Still, some other organizations, especially financial firms and healthcare providers, mandate that certain types of sensitive data remain in a single, secure database, preventing it from being integrated into a warehouse, said Wendy Tam, product marketing manager for IBM's InfoSphere Federation Server.
An 'extender of your data warehouse'
As Kobielus explains, data federation technology helps solve these problems by making a single call to multiple data sources, then integrating the data in a middleware layer where it is standardized and cleansed. From there, it sends the data on to BI applications for analysis, eliminating the need for a permanent, physical relational database.
Data federation technology can be used to collect data from multiple departmental data warehouses, but at a lower cost than a complex enterprise data warehouse. It can also access data in operational systems to complement data warehouse-stored data. In most cases, users can customize their queries, allowing analysis of data housed in any number of combinations of data sources.
"It's essentially an extender of your data warehouse view," Kobielus said. "Data federation adds fields or subject domain or attributes that are not supported in the views available by your data warehouse."
Taikang Life Insurance uses the IBM data federation server, for example, to share data across business units for analysis rather than aggregating it in a single enterprise data warehouse, Tam said. The company, based in Beijing, uses the technology to analyze customer data housed in otherwise siloed departmental data sources, including IBM's DB2 and Informix databases, as well as Oracle data sources and applications.
IBM's data federation technology can also access unstructured data, including email and XML data, Tam said. And it does its work – collecting data from disparate sources, then aggregating it in a virtual database for analysis -- behind the scenes, she said. To the end user, the results look as if they've come from a traditional data warehouse.
Data federation technology complementary, not disruptive
Data federation technology is not new. It's been around for well over a decade, said Ted Friedman, analyst with Stamford, Conn.-based Gartner Inc. It has seen an uptick in adoption, however slight, in the last five years or so as the promise of enterprise data warehouses has gone unfulfilled owing to fragmented data architectures.
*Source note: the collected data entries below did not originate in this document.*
(* Consider the redundancy system with scaled Bernoulli service requirements and its auxiliary system, both as described in the context, driven by the same arrivals and the same replica service requirement draws, and started in the same initial workload state $\tilde{\boldsymbol{\omega}}$ with $\tilde\omega_{(1)}=\dots=\tilde\omega_{(d)}$, i.e. $\tilde{\boldsymbol{\omega}}(0)=\boldsymbol{\omega}(0)=\tilde{\boldsymbol{\omega}}$. Then for all $t\ge 0$ and all $i=1,\dots,N$, $$\tilde\omega_{(1)}(t)-\tilde\omega_{(i)}(t)\ \ge\ \omega_{(1)}(t)-\omega_{(i)}(t).$$
   Context: Original system: $N$ parallel servers; jobs arrive according to a Poisson process of rate $\lambda$. Each arriving job is replicated into $d$ replicas ($1\le d\le N$), sent to $d$ distinct servers chosen uniformly at random without replacement. Replicas are served FCFS at each server; a job completes as soon as its first replica completes, and the other replicas are then instantaneously abandoned. Replica service requirements are i.i.d. copies of $B$, where $B=XK$ with probability $1-p$ and $B=0$ with probability $p$; here $K\ge1$ is a fixed real number, $X$ is a strictly positive random variable with $\mathbb{E}[X]=1$, and $p=1-1/K$ (so $\mathbb{E}[B]=1$). The workload $\omega_i$ of server $i$ is the real amount of work it must do to become idle absent further arrivals; between arrivals positive workloads decrease at unit rate. If a job arrives with sampled servers $s_1,\dots,s_d$ and replica requirements $b_1,\dots,b_d$, the new workload at $s_l$ is $\max\{\min_j(\omega_{s_j}+b_j),\omega_{s_l}\}$, other servers unchanged. $\omega_{(1)}\ge\dots\ge\omega_{(N)}$ denote the ordered workloads. The system is in synchronicity when all $N$ workloads are equal. A job is of type $A$ if none of its $d$ replicas has requirement $0$ (its requirements are then $X_1K,\dots,X_dK$ with $X_j$ i.i.d. copies of $X$), of type $B$ if between $1$ and $d-1$ of its replicas have requirement $0$, and of type $C$ if all replicas have requirement $0$. A type-$B_1$ job is one whose $d-1$ replicas, at least one of which has requirement $0$, are allocated to the $d-1$ servers with the largest workloads (first $d-1$ ordered servers), and whose remaining replica, with requirement $X_dK$, is allocated to the server with the smallest workload (the $N$-th ordered server). Auxiliary system (workloads $\tilde{\boldsymbol{\omega}}(t)$): identical to the original system, driven by the same arrivals and service requirement draws, except that (i) workloads decrease over time only while the auxiliary system is in synchronicity (otherwise they stay constant between arrivals), (ii) every type-$A$ job is allocated to the $d$ servers with the largest workloads (first $d$ ordered servers) instead of to $d$ random servers, and (iii) among type-$B$ jobs only type-$B_1$ jobs are taken into account; the other type-$B$ jobs are omitted. *)

From HB Require Import structures.
From mathcomp Require Import all_boot all_order all_algebra all_fingroup.
From mathcomp Require Import reals.
Set Implicit Arguments. Unset Strict Implicit. Unset Printing Implicit Defensive.
Import Order.TTheory GRing.Theory Num.Theory.
Local Open Scope ring_scope.

Section Model.
Variable R : realType.
Variables N d : nat.

(* minimum of a finite family (0 for the empty family, never used) *)
Definition fmin n (f : 'I_n -> R) : R :=
  match n return ('I_n -> R) -> R with
  | 0 => fun _ => 0
  | n'.+1 => fun f => \big[Order.min/f ord0]_(j < n'.+1) f j
  end f.

Definition drain (w : 'I_N -> R) (s : R) : 'I_N -> R :=
  fun i => Num.max (w i - s) 0.

Definition synchronized (w : 'I_N -> R) : bool :=
  [forall i, forall j, w i == w j].

Definition aux_drain (w : 'I_N -> R) (s : R) : 'I_N -> R :=
  if synchronized w then drain w s else w.

Definition arrive (w : 'I_N -> R) (srv : 'I_d -> 'I_N) (b : 'I_d -> R)
  : 'I_N -> R :=
  fun i => if [exists j, srv j == i]
           then Num.max (fmin (fun j => w (srv j) + b j)) (w i)
           else w i.

Definition typeA (b : 'I_d -> R) : bool := [forall j, b j != 0].
Definition typeC (b : 'I_d -> R) : bool := [forall j, b j == 0].
Definition typeB (b : 'I_d -> R) : bool := ~~ typeA b && ~~ typeC b.

(* replica requirements: 0 if the Bernoulli indicator z is set, else X*K *)
Definition req (K : R) (X : nat -> 'I_d -> R) (z : nat -> 'I_d -> bool)
  (n : nat) (j : 'I_d) : R := if z n j then 0 else X n j * K.

(* srt w is an ordering permutation: position k (0-based) |-> server with
   the (k+1)-th largest workload (omega_(k+1) = w (srt w k)) *)
Variable srt : ('I_N -> R) -> {perm 'I_N}.

Definition ostat (w : 'I_N -> R) (k : 'I_N) : R := w (srt w k).

Definition rank (w : 'I_N -> R) (i : 'I_N) : nat := ((srt w)^-1)%g i.

Definition typeB1 (w : 'I_N -> R) (srv : 'I_d -> 'I_N) (b : 'I_d -> R) : bool :=
  typeB b &&
  [exists l, [&& b l != 0, rank w (srv l) == N.-1 &
     [forall j, (j != l) ==> (rank w (srv j) < d.-1)%N]]].

(* auxiliary arrival; w = original pre-arrival workloads, v = auxiliary ones *)
Definition aux_arrive (hdN : (d <= N)%N) (w v : 'I_N -> R)
  (srv : 'I_d -> 'I_N) (b : 'I_d -> R) : 'I_N -> R :=
  if typeA b then arrive v (fun j => srt v (widen_ord hdN j)) b
  else if typeC b then arrive v srv b
  else if typeB1 w srv b then arrive v (fun j => srt v (((srt w)^-1)%g (srv j))) b
  else v.

(* time of the n-th arrival (1-based), with prev_arr a 0 = 0 *)
Definition prev_arr (a : nat -> R) (n : nat) : R :=
  if n is n'.+1 then a n' else 0.

(* (original, auxiliary) workloads just after the n-th arrival *)
Fixpoint states (hdN : (d <= N)%N) (a : nat -> R) (srv : nat -> 'I_d -> 'I_N)
  (b : nat -> 'I_d -> R) (w0 : 'I_N -> R) (n : nat)
  : ('I_N -> R) * ('I_N -> R) :=
  match n with
  | 0 => (w0, w0)
  | n'.+1 =>
      let: (w, v) := states hdN a srv b w0 n' in
      let e := a n' - prev_arr a n' in
      let w' := drain w e in
      (arrive w' (srv n') (b n'),
       aux_arrive hdN w' (aux_drain v e) (srv n') (b n'))
  end.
Kobielus also cited the growing popularity of cloud computing as another driver of data federation technologies, "because cloud computing is so decentralized." Data housed in data sources in the cloud can be difficult to integrate into traditional data warehouses, he said, making federation techniques a more attractive option.
Robert Eve, vice president of marketing at Composite Software, which sells data federation software under the data "virtualization" moniker, predicts that user adoption of federation technology will increase as companies look for less expensive alternatives to enterprise data warehouses during the recession, a point echoed by IBM's Tam.
"Federation technology has two real benefits, a business benefit and a technical one," she said. "It increases visibility into lines of business, and it can help reduce costs and complexity by reducing the need for an extra, expensive [relational] database server." It also saves users time, she said, by removing the need to query multiple data sources manually.
That doesn't mean, however, that data federation technology, which has its own drawbacks, can take the place of data warehouses altogether, the analysts and vendors said. In a 2008 report, Kobielus said data federation is not optimal for certain types of queries, like "large dimensional table scans or time-series analyses against historical data sets," which are better handled by data warehouses.
Data federation technology also takes a toll on the performance of the operational and transactional data sources it queries, as it consumes significant CPU, he said. In addition, data federation requires transactional data sources to be "always on," as opposed to data warehouses that batch load data at preset times, often in the evenings, allowing data sources to go offline for the night.
Instead, data federation technology will ideally complement, not replace, existing data warehouses at most organizations, Kobielus and Friedman agreed, allowing BI end users greater flexibility.
"It's not a revolution here where federation is replacing data warehouses," Friedman said. "In most cases, organizations are going to need a portfolio of [data integration] capabilities," including both warehousing and federation technology.